──────── Information given

Lemma smooth_upto_regular V n u : smooth_upto V n u -> forall p, V p -> regular_at u p.
Proof. intros H. apply smooth_upto_0. intros l Hl. apply H. lia. Qed.

Lemma smooth_upto_subset V W n u :
  (forall p, W p -> V p) -> smooth_upto V n u -> smooth_upto W n u.
Proof. intros HWV H l Hl Hd p Hp. apply H; auto. Qed.

Section SmoothAlgebra.
Variable V : pt -> Prop.
Hypothesis HV : open V.

Lemma smooth_upto_ext_on n u v :
  (forall q, V q -> u q = v q) -> smooth_upto V n u -> smooth_upto V n v.
Proof.
revert u v. induction n as [|n IH]; intros u v Huv Hu.
- rewrite smooth_upto_0 in *. intros p Hp. apply regular_at_ext_on with V u; auto.
- rewrite smooth_upto_S in *. destruct Hu as [H0 HS]. split.
  + rewrite smooth_upto_0 in *. intros p Hp. apply regular_at_ext_on with V u; auto.
  + intros k Hk. apply IH with (dpartR k u); auto.
    intros q Hq. now apply dpartR_ext_on with V.
Qed.

Lemma smooth_upto_const n c : smooth_upto V n (fun _ => c).
Proof.
revert c. induction n as [|n IH]; intros c.
- apply smooth_upto_0. intros; apply regular_at_const.
- apply smooth_upto_S. split.
  + apply smooth_upto_0. intros; apply regular_at_const.
  + intros k Hk. apply smooth_upto_ext_on with (fun _ => 0); auto.
    intros; symmetry; apply dpartR_const.
Qed.

Lemma smooth_upto_plus n u v :
  smooth_upto V n u -> smooth_upto V n v -> smooth_upto V n (fun q => u q + v q).
Proof.
revert u v. induction n as [|n IH]; intros u v Hu Hv.
- rewrite smooth_upto_0 in *. intros p Hp. apply regular_at_plus; auto.
- pose proof (smooth_upto_regular _ _ _ Hu) as Ru.
  pose proof (smooth_upto_regular _ _ _ Hv) as Rv.
  rewrite smooth_upto_S in *. destruct Hu as [_ Hu], Hv as [_ Hv]. split.
  + apply smooth_upto_0. intros p Hp. apply regular_at_plus; auto.
  + intros k Hk. apply smooth_upto_ext_on with (fun q => dpartR k u q + dpartR k v q); auto.
    intros q Hq. symmetry. apply dpartR_plus; [apply Ru | apply Rv]; auto.
Qed.

Lemma smooth_upto_mult n u v :
  smooth_upto V n u -> smooth_upto V n v -> smooth_upto V n (fun q => u q * v q).
Proof.
revert u v. induction n as [|n IH]; intros u v Hu Hv.
- rewrite smooth_upto_0 in *. intros p Hp. apply regular_at_mult; auto.
- pose proof (smooth_upto_regular _ _ _ Hu) as Ru.
  pose proof (smooth_upto_regular _ _ _ Hv) as Rv.
  pose proof (smooth_upto_pred _ _ _ Hu) as Hu'.
  pose proof (smooth_upto_pred _ _ _ Hv) as Hv'.
  rewrite smooth_upto_S in *. destruct Hu as [_ Hu], Hv as [_ Hv]. split.
  + apply smooth_upto_0. intros p Hp. apply regular_at_mult; auto.
  + intros k Hk.
    apply smooth_upto_ext_on with (fun q => dpartR k u q * v q + u q * dpartR k v q).
    * intros q Hq. symmetry. apply dpartR_mult; [apply Ru | apply Rv]; auto.
    * apply smooth_upto_plus; auto.
Qed.

Lemma smoothR_on_ext_on u v :
  (forall q, V q -> u q = v q) -> smoothR_on V u -> smoothR_on V v.
Proof. intros Huv Hu n. now apply smooth_upto_ext_on with u. Qed.

Lemma smoothR_on_const c : smoothR_on V (fun _ => c).
Proof. intros n. apply smooth_upto_const. Qed.

Lemma smoothR_on_plus u v :
  smoothR_on V u -> smoothR_on V v -> smoothR_on V (fun q => u q + v q).
Proof. intros Hu Hv n. now apply smooth_upto_plus. Qed.

Lemma smoothR_on_mult u v :
  smoothR_on V u -> smoothR_on V v -> smoothR_on V (fun q => u q * v q).
Proof. intros Hu Hv n. now apply smooth_upto_mult. Qed.

Lemma smoothR_on_minus u v :
  smoothR_on V u -> smoothR_on V v -> smoothR_on V (fun q => u q - v q).
Proof.
intros Hu Hv. apply smoothR_on_ext_on with (fun q => u q + (-1) * v q).
- intros q _. ring.
- apply smoothR_on_plus, smoothR_on_mult; auto using smoothR_on_const.
Qed.

End SmoothAlgebra.

Lemma smoothR_on_regular V u : smoothR_on V u -> forall p, V p -> regular_at u p.
Proof. intros H. apply (smooth_upto_regular V 0), H. Qed.

Lemma smoothR_on_subset V W u :
  (forall p, W p -> V p) -> smoothR_on V u -> smoothR_on W u.
Proof. intros HWV H n. now apply smooth_upto_subset with V. Qed.

Lemma iter_dpart_parts l g :
  iter_dpart l g =
  fun p => (iter_dpartR l (fun q => Re (g q)) p, iter_dpartR l (fun q => Im (g q)) p).
Proof.
induction l as [|k l IH]; simpl.
- extensionality p. now destruct (g p).
- now rewrite IH.
Qed.

Lemma smooth_on_parts V g :
  smooth_on V g <-> smoothR_on V (fun q => Re (g q)) /\ smoothR_on V (fun q => Im (g q)).
Proof.
split.
- intros H. split; intros n l _ Hd p Hp; destruct (H l Hd p Hp) as [Hc He];
    rewrite iter_dpart_parts in Hc, He; split; try (intros k Hk; apply (He k Hk)).
  + apply (continuous_comp _ fst p Hc (continuous_fst _ _)).
  + apply (continuous_comp _ snd p Hc (continuous_snd _ _)).
- intros [HRe HIm] l Hd p Hp. rewrite iter_dpart_parts.
  destruct (HRe (length l) l (le_n _) Hd p Hp) as [Hc1 He1].
  destruct (HIm (length l) l (le_n _) Hd p Hp) as [Hc2 He2]. split.
  + apply (continuous_comp_2 (U := prod_UniformSpace C_UniformSpace C_UniformSpace)
      (X := C_UniformSpace) _ _ pair p Hc1 Hc2).
    apply continuous_ext with (fun x => x); [now intros [x y] | apply continuous_id].
  + intros k Hk. split; [apply He1 | apply He2]; exact Hk.
Qed.

Lemma CF_op_coords f1 f2 p : CF_op f1 f2 p =
  (((dpartR 0 (fun q => Re (f1 q)) p - dpartR 1 (fun q => Im (f1 q)) p
     - dpartR 2 (fun q => Re (f2 q)) p + dpartR 3 (fun q => Im (f2 q)) p) / 4,
    (dpartR 0 (fun q => Im (f1 q)) p + dpartR 1 (fun q => Re (f1 q)) p
     + dpartR 2 (fun q => Im (f2 q)) p + dpartR 3 (fun q => Re (f2 q)) p) / 4),
   ((dpartR 2 (fun q => Re (f1 q)) p - dpartR 3 (fun q => Im (f1 q)) p
     + dpartR 0 (fun q => Re (f2 q)) p - dpartR 1 (fun q => Im (f2 q)) p) / 4,
    (dpartR 2 (fun q => Im (f1 q)) p + dpartR 3 (fun q => Re (f1 q)) p
     - dpartR 0 (fun q => Im (f2 q)) p - dpartR 1 (fun q => Re (f2 q)) p) / 4)).
Proof.
assert (Hconj : forall k, dpart k (fun q => Cconj (f2 q)) p =
  (dpartR k (fun q => Re (f2 q)) p, - dpartR k (fun q => Im (f2 q)) p)).
{ intros k. unfold dpart. f_equal. apply (Derive_opp (fun t => Im (f2 (shift p k t)))). }
assert (Hf1 : forall k, dpart k f1 p =
  (dpartR k (fun q => Re (f1 q)) p, dpartR k (fun q => Im (f1 q)) p)) by reflexivity.
unfold CF_op, dzbar1, dz2, dzbar2, dz1. rewrite !Hconj, !Hf1.
unfold Cminus, Cplus, Copp, Cmult, RtoC, Ci; simpl. f_equal; f_equal; field.
Qed.

Definition fueter_system (u v : pt -> R) (p : pt) : Prop :=
  dpartR 0 u p = dpartR 2 v p /\ dpartR 1 u p = - dpartR 3 v p /\
  dpartR 2 u p = - dpartR 0 v p /\ dpartR 3 u p = dpartR 1 v p.

Lemma CF_op_real V f1 f2 p : open V -> V p ->
  (forall q, V q -> Im (f1 q) = 0 /\ Im (f2 q) = 0) ->
  CF_op f1 f2 p = (RtoC 0, RtoC 0) <->
  fueter_system (fun q => Re (f1 q)) (fun q => Re (f2 q)) p.
Proof.
intros HV Hp Hreal.
assert (Z : forall g, (forall q, V q -> Im (g q) = 0) ->
          forall k, dpartR k (fun q => Im (g q)) p = 0).
{ intros g Hg k. rewrite (dpartR_ext_on V _ (fun _ => 0)); auto using dpartR_const. }
rewrite CF_op_coords, !(Z f1), !(Z f2) by (intros q Hq; apply Hreal, Hq).
unfold fueter_system, RtoC. split.
- intros H. injection H. intros. lra.
- intros (E0 & E1 & E2 & E3). rewrite E0, E1, E2, E3. f_equal; f_equal; field.
Qed.

Lemma fueter_system_ext_on V u v u' v' p : open V ->
  (forall q, V q -> u q = u' q) -> (forall q, V q -> v q = v' q) -> V p ->
  fueter_system u v p -> fueter_system u' v' p.
Proof.
intros HV Hu Hv Hp. unfold fueter_system.
rewrite !(dpartR_ext_on V u u'), !(dpartR_ext_on V v v'); auto.
Qed.

Lemma fueter_system_const a b p : fueter_system (fun _ => a) (fun _ => b) p.
Proof. unfold fueter_system. rewrite !dpartR_const. lra. Qed.

Lemma is_dir_0123 : is_dir 0 /\ is_dir 1 /\ is_dir 2 /\ is_dir 3.
Proof. unfold is_dir; repeat split; lia. Qed.

Lemma fueter_system_plus u v u' v' p :
  regular_at u p -> regular_at v p -> regular_at u' p -> regular_at v' p ->
  fueter_system u v p -> fueter_system u' v' p ->
  fueter_system (fun q => u q + u' q) (fun q => v q + v' q) p.
Proof.
intros [_ Du] [_ Dv] [_ Du'] [_ Dv'] (E0 & E1 & E2 & E3) (E0' & E1' & E2' & E3').
destruct is_dir_0123 as (I0 & I1 & I2 & I3).
unfold fueter_system. rewrite !dpartR_plus by auto. lra.
Qed.

Lemma fueter_system_qmul u v u' v' p :
  regular_at u p -> regular_at v p -> regular_at u' p -> regular_at v' p ->
  fueter_system u v p -> fueter_system u' v' p ->
  fueter_system (fun q => u q * u' q - v q * v' q) (fun q => u q * v' q + v q * u' q) p.
Proof.
intros [_ Du] [_ Dv] [_ Du'] [_ Dv'] (E0 & E1 & E2 & E3) (E0' & E1' & E2' & E3').
destruct is_dir_0123 as (I0 & I1 & I2 & I3).
unfold fueter_system.
rewrite !dpartR_minus, !dpartR_plus, !dpartR_mult by auto using ex_dpartR_mult.
rewrite E0, E1, E2, E3, E0', E1', E2', E3'. repeat split; ring.
Qed.

Definition interleave {X : Type} (c1 c2 : nat -> X) (n : nat) : X :=
  if Nat.even n then c1 (Nat.div2 n) else c2 (Nat.div2 n).

Lemma interleave_even {X : Type} (c1 c2 : nat -> X) n : interleave c1 c2 (2 * n) = c1 n.
Proof. unfold interleave. now rewrite Nat.even_even, Nat.div2_double. Qed.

────────────────

Copy out all lines from the material above that contain the string "Hreal".

intros HV Hp Hreal.
rewrite CF_op_coords, !(Z f1), !(Z f2) by (intros q Hq; apply Hreal, Hq).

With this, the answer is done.